Yes, there is substantial evidence and widespread agreement among patient advocates, charities, and some independent analyses that most ME/CFS research proposals face inherent structural and systemic disadvantages that make it extremely difficult for them to reach the "equal merit" threshold required to benefit from the MRC's prioritisation mechanism.
The MRC's priority area notice (in place since 2003) only provides a boost when proposals achieve the same median ranking score as others in a funding round after peer review. In practice, this tie-breaker rarely comes into play for ME/CFS because far fewer proposals even make it to that competitive stage, and those that do often score lower due to entrenched barriers. Here's why this happens, drawing from documented criticisms and data:
- Very low volume of applications: Historical data (e.g., from 2003-2023 analyses shared in ME/CFS research communities) shows an average of only about 2-5 genuine ME/CFS-focused proposals submitted to the MRC per year in recent decades, with many being
"false hits" (e.g., projects on general fatigue or overlapping conditions). The MRC's overall grant success rate is around 20% (roughly 1 in 5 funded), so statistically, you'd need at least 5 high-quality submissions annually to expect even one funded-but the submission rate has remained vanishingly low. This scarcity means few opportunities for any to reach "equal merit" comparisons.

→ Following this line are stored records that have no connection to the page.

(** Principal argument in (-pi, pi]. *)
Definition Arg (w : C) : R :=
  let x := fst w in let y := snd w in
  if Rlt_dec 0 x then atan (y / x)
  else if Rlt_dec 0 y then PI / 2 - atan (x / y)
  else if Rlt_dec y 0 then - (PI / 2) - atan (x / y)
  else if Rlt_dec x 0 then PI else 0.

Definition Clog (w : C) : C := (ln (Cmod w), Arg w).

Definition Lfun (z : C) : C := Clog (Cinv (Cminus 1 (Cdiv z (RtoC rho)))).

Definition inDelta (z : C) : Prop :=
  Cmod z < 1 /\ ~ (Im z = 0 /\ rho <= Re z /\ Re z <= 1).

Definition CInt (f : R -> C) (a b : R) : C :=
  @RInt C_R_CompleteNormedModule f a b.

Definition arc_integral (G : C -> C) (n : nat) (phi : R) : C :=
  let gam t := Cplus (RtoC rho) (Cmult (RtoC (rho / INR n)) (cis t)) in
  let dgam t := Cmult (Ci : C) (Cmult (RtoC (rho / INR n)) (cis t)) in
  let integrand t := Cmult (G (gam t)) (dgam t) in
  Cplus (CInt integrand (- PI) (- phi)) (CInt integrand phi PI).

From Stdlib Require Import Reals Lra Lia Classical.
From Coquelicot Require Import Coquelicot.
Open Scope R_scope.

(* On the arc z = rho + (rho/n) e^(it) the singular part of f cancels in g, so
   g(z) = (h0 + h1 L + h2 L^2)(z) / (z - rho)^3 with |z - rho| = rho/n < 1/8.
   There |h_j| <= b_j, and 1 - z/rho = -e^(it)/n gives |L(z)| <= ln n + pi, so
   |g(z)| <= (n/rho)^3 B(pi + ln n).  Moreover |z| >= rho (1 - 1/n) and
   (1 - 1/n)^(n+1) >= 1/4 for n >= 5, so |z|^(-n-1) <= 4 rho^(-n-1).  Multiplying
   by |dz/dt| = rho/n and by the length 2 (pi - phi) < 2 pi of the parameter range
   gives the bound. *)

Lemma rho_bounds : 1/8 < rho < 1/2.
Proof.
  unfold rho. pose proof (sqrt_sqrt 2 ltac:(lra)). pose proof (sqrt_pos 2). nra.
Qed.

Lemma Cmod_cis t : Cmod (cis t) = 1.
Proof.
  unfold Cmod, cis; simpl.
  replace (cos t * (cos t * 1) + sin t * (sin t * 1)) with 1; [apply sqrt_1|].
  pose proof (sin2_cos2 t) as E. unfold Rsqr in E. lra.
Qed.

Lemma Cmod_le_Rabs_Re_Im (w : C) : Cmod w <= Rabs (Re w) + Rabs (Im w).
Proof.
  replace w with (Cplus (RtoC (Re w)) (Cmult Ci (RtoC (Im w)))) at 1.
  - eapply Rle_trans; [apply Cmod_triangle|].
    rewrite Cmod_mult, Cmod_Ci, !Cmod_R. lra.
  - destruct w as [a b]. unfold Cplus, Cmult, Ci, RtoC, Re, Im; simpl.
    apply injective_projections; simpl; ring.
Qed.

Lemma Rabs_Arg_le (w : C) : Rabs (Arg w) <= PI.
Proof.
  pose proof PI_RGT_0. unfold Arg.
  destruct (Rlt_dec 0 (fst w)); [|destruct (Rlt_dec 0 (snd w));
    [|destruct (Rlt_dec (snd w) 0); [|destruct (Rlt_dec (fst w) 0)]]];
  apply Rabs_le;
  try (match goal with |- context [atan ?a] => pose proof (atan_bound a) end); lra.
Qed.

Lemma Cmod_Clog_le (w : C) : Cmod (Clog w) <= Rabs (ln (Cmod w)) + PI.
Proof.
  eapply Rle_trans; [apply Cmod_le_Rabs_Re_Im|].
  pose proof (Rabs_Arg_le w). unfold Clog, Re, Im; simpl. lra.
Qed.

(* [RInt] is [iota] of an empty predicate when [f] is not integrable; the
   underlying limit of the trivial filter then evaluates to [real p_infty = 0]. *)
Lemma CInt_not_ex_RInt (f : R -> C) (a b : R) :
  ~ ex_RInt (V := C_R_CompleteNormedModule) f a b -> CInt f a b = 0%C.
Proof.
  intros Hf.
  assert (Lub_Rbar_full : forall E : R -> Prop, (forall x, E x) -> Lub_Rbar E = p_infty).
  { intros E HE. apply is_lub_Rbar_unique. split.
    - intros x _. exact I.
    - intros [r| |] Hl; simpl; auto.
      + specialize (Hl (r + 1) (HE _)). simpl in Hl. lra.
      + exact (Hl 0 (HE _)). }
  unfold CInt, RInt, iota, lim. simpl. unfold C_complete_lim, R_complete_lim.
  rewrite !Lub_Rbar_full; [reflexivity| |];
    intros x y Hy; exfalso; apply Hf; exists y; exact Hy.
Qed.

Lemma Cmod_CInt_le (f : R -> C) (a b M : R) : a <= b -> 0 <= M ->
  (forall t, a <= t <= b -> Cmod (f t) <= M) -> Cmod (CInt f a b) <= (b - a) * M.
Proof.
  intros Hab HM Hf.
  destruct (classic (ex_RInt (V := C_R_CompleteNormedModule) f a b)) as [[l Hl]|Hn].
  - unfold CInt. rewrite (is_RInt_unique _ _ _ _ Hl), Cmod_norm.
    apply (norm_RInt_le_const f a b l M Hab); [|exact Hl].
    intros t Ht. rewrite <- Cmod_norm. auto.
  - rewrite CInt_not_ex_RInt, Cmod_0 by exact Hn. nra.
Qed.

- Inherent disadvantages in proposal quality and scoring:
- Lack of preliminary data: ME/CFS is an understudied field with no widely accepted biomarkers, limited large cohorts, and historical stigma framing it as psychosomatic. Funders (including MRC panels) often demand strong pilot data, preliminary results, or proof-of-concept evidence. Emerging or exploratory proposals (common in a nascent field) struggle here, as researchers can't easily generate that data without prior funding-creating a catch-22.

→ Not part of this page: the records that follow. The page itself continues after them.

Lemma mixture_coef_exists k : exists l, Rint_0inf (fun v => g v * r v k) l.
Proof.
  apply (Rint_0inf_dominated _ g (L 0)); [| apply mixture_integrable | apply g_Rint_0inf].
  intros v Hv. pose proof (semigroup_le1 v k Hv). pose proof (r_ge0 v Hv k). pose proof (g_ge0 v).
  split; nra.
Qed.

Definition mixture_coef k : R :=
  proj1_sig (constructive_indefinite_description _ (mixture_coef_exists k)).

Lemma mixture_coefP k : Rint_0inf (fun v => g v * r v k) (mixture_coef k).
Proof. exact (proj2_sig (constructive_indefinite_description _ (mixture_coef_exists k))). Qed.

Lemma mixture_coef_ge0 k : 0 <= mixture_coef k.
Proof.
  apply (Rint_0inf_ge0 _ _ ) with (2 := mixture_coefP k).
  intros v Hv. apply Rmult_le_pos; auto.
Qed.

Lemma mixture_partial_pgf s n :
  Rint_0inf (fun v => g v * sum_f_R0 (fun k => r v k * s ^ k) n)
            (sum_f_R0 (fun k => mixture_coef k * s ^ k) n).
Proof.
  induction n as [|n IH].
  - apply (Rint_0inf_ext (fun v => 0 + s ^ 0 * (g v * r v 0%nat))).
    + intros v _. simpl. ring.
    + replace (sum_f_R0 (fun k => mixture_coef k * s ^ k) 0) with (0 + s ^ 0 * mixture_coef 0)
        by (simpl; ring).
      apply Rint_0inf_plus_scal; [exact Rint_0inf_0 | apply mixture_coefP].
  - apply (Rint_0inf_ext (fun v => g v * sum_f_R0 (fun k => r v k * s ^ k) n
                                   + s ^ S n * (g v * r v (S n)))).
    + intros v _. rewrite tech5. ring.
    + rewrite tech5, (Rmult_comm (mixture_coef (S n))).
      apply Rint_0inf_plus_scal; [exact IH | apply mixture_coefP].
Qed.
(* Let $\boldsymbol{S}_{\rm B},\boldsymbol{S}_{\rm W}\in\mathbb{R}^{M\times M}$ be the between-class and within-class scatter matrices of a labelled data set (defined in the context), with $\boldsymbol{S}_{\rm W}$ invertible, and let $\mathcal{R}(\boldsymbol{u})=\frac{\boldsymbol{u}^\top\boldsymbol{S}_{\rm B}\boldsymbol{u}}{\boldsymbol{u}^\top\boldsymbol{S}_{\rm W}\boldsymbol{u}}$ for nonzero $\boldsymbol{u}\in\mathbb{R}^M$. Let $\boldsymbol{u}_1,\ldots,\boldsymbol{u}_{n-1}$ ($2\le n\le M$) be the GO-LDA discriminant directions (defined in the context), and let $\boldsymbol{u}_n\in\mathbb{R}^M$ be a solution of $$\max_{\boldsymbol{u}}\ \mathcal{R}(\boldsymbol{u})\quad\text{s.t.}\quad\boldsymbol{u}\perp\boldsymbol{u}_i\ \text{ for all } i=1,\ldots,n-1.$$ Define $\boldsymbol{U}_{n-1}=(\boldsymbol{u}_1\ \cdots\ \boldsymbol{u}_{n-1})\in\mathbb{R}^{M\times(n-1)}$, let $\boldsymbol{B}_{n-1}\in\mathbb{R}^{(n-1)\times M}$ be the matrix whose $i$-th row is $\boldsymbol{u}_i^\top\boldsymbol{S}_{\rm W}^{-1}\boldsymbol{S}_{\rm B}$, and let $\boldsymbol{T}_{n-1}\in\mathbb{R}^{(n-1)\times(n-1)}$ have $(i,j)$ entry $\boldsymbol{u}_i^\top\boldsymbol{S}_{\rm W}^{-1}\boldsymbol{u}_j$. Then $\boldsymbol{u}_n$ is an eigenvector corresponding to the largest eigenvalue of the generalised eigenvalue problem $$\left(\boldsymbol{S}_{\rm B}-\boldsymbol{U}_{n-1}\boldsymbol{T}_{n-1}^{-1}\boldsymbol{B}_{n-1}\right)\boldsymbol{u}=\mu\boldsymbol{S}_{\rm W}\boldsymbol{u}.$$
   Context: Given $N$ samples $\boldsymbol{y}_1,\ldots,\boldsymbol{y}_N\in\mathbb{R}^M$ partitioned into $C$ classes, where class $j$ consists of samples $\boldsymbol{y}^j_1,\ldots,\boldsymbol{y}^j_{N_j}$. Let $\bar{\boldsymbol{y}}$ be the overall mean and $\bar{\boldsymbol{y}}_j$ the mean of class $j$. The between-class scatter is $\boldsymbol{S}_{\rm B}=\sum_{j=1}^C(\bar{\boldsymbol{y}}_j-\bar{\boldsymbol{y}})(\bar{\boldsymbol{y}}_j-\bar{\boldsymbol{y}})^\top$ and the within-class scatter is $\boldsymbol{S}_{\rm W}=\sum_{j=1}^C\sum_{k=1}^{N_j}(\boldsymbol{y}^j_k-\bar{\boldsymbol{y}}_j)(\boldsymbol{y}^j_k-\bar{\boldsymbol{y}}_j)^\top$, assumed invertible. GO-LDA discriminant directions are defined recursively: $\boldsymbol{u}_1$ is the (normalised) eigenvector corresponding to the largest eigenvalue of the generalised eigenvalue problem $\boldsymbol{S}_{\rm B}\boldsymbol{v}=\lambda\boldsymbol{S}_{\rm W}\boldsymbol{v}$; for $k\ge2$, $\boldsymbol{u}_k$ is a (normalised) maximiser of $\mathcal{R}(\boldsymbol{u})$ subject to $\boldsymbol{u}$ being orthogonal to each of $\boldsymbol{u}_1,\ldots,\boldsymbol{u}_{k-1}$. *)

From HB Require Import structures.
From mathcomp Require Import all_boot all_order all_algebra.
From mathcomp Require Import reals.
Set Implicit Arguments. Unset Strict Implicit. Unset Printing Implicit Defensive.
Import Order.TTheory GRing.Theory Num.Theory.
Local Open Scope ring_scope.

Section GOLDA.
Variable R : realType.
Variable M : nat.

Definition qf (u : 'cV[R]_M) (A : 'M[R]_M) (v : 'cV[R]_M) : R :=
  (u^T *m A *m v) 0 0.

Definition dotv (u v : 'cV[R]_M) : R := (u^T *m v) 0 0.

Definition class_size N C (lab : 'I_N -> 'I_C) (j : 'I_C) : nat :=
  #|[set k | lab k == j]|.

Definition class_mean N C (y : 'I_N -> 'cV[R]_M) (lab : 'I_N -> 'I_C)
  (j : 'I_C) : 'cV[R]_M :=
  (class_size lab j)%:R^-1 *: \sum_(k < N | lab k == j) y k.

Definition overall_mean N (y : 'I_N -> 'cV[R]_M) : 'cV[R]_M :=
  N%:R^-1 *: \sum_(k < N) y k.

Definition scatter_B N C (y : 'I_N -> 'cV[R]_M) (lab : 'I_N -> 'I_C)
  : 'M[R]_M :=
  \sum_(j < C) (class_mean y lab j - overall_mean y) *m
               (class_mean y lab j - overall_mean y)^T.

Definition scatter_W N C (y : 'I_N -> 'cV[R]_M) (lab : 'I_N -> 'I_C)
  : 'M[R]_M :=
  \sum_(j < C) \sum_(k < N | lab k == j)
     (y k - class_mean y lab j) *m (y k - class_mean y lab j)^T.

- Peer-review biases and expertise gaps: Panels may include reviewers without ME/CFS expertise who apply standards from better-established fields (e.g., expecting large sample sizes or clear mechanisms that don't yet exist due to underfunding).
Historical examples (including UK and international parallels like NIH panels) show occasional outright bias, where proposals are dismissed as "psychosomatic" or scored lower due to unfamiliarity with the condition's complexity.
- Stigma and researcher deterrence: The field's reputation (influenced by past controversies like the PACE trial) discourages top researchers from entering, reducing the pool of experienced applicants who could produce highly competitive proposals. This perpetuates a cycle: fewer strong applications → lower average scores → fewer tie-breakers triggered → continued
In short, the prioritisation is real on paper but largely theoretical in practice for ME/CFS—most proposals never hit "equal merit" because of these baked-in hurdles. This is why advocates push for structural changes like ring-fenced pots, dedicated RFAs (requests for applications), or bias-mitigating measures to level the playing field and kickstart the field. Without them, the mechanism alone can't overcome decades of neglect.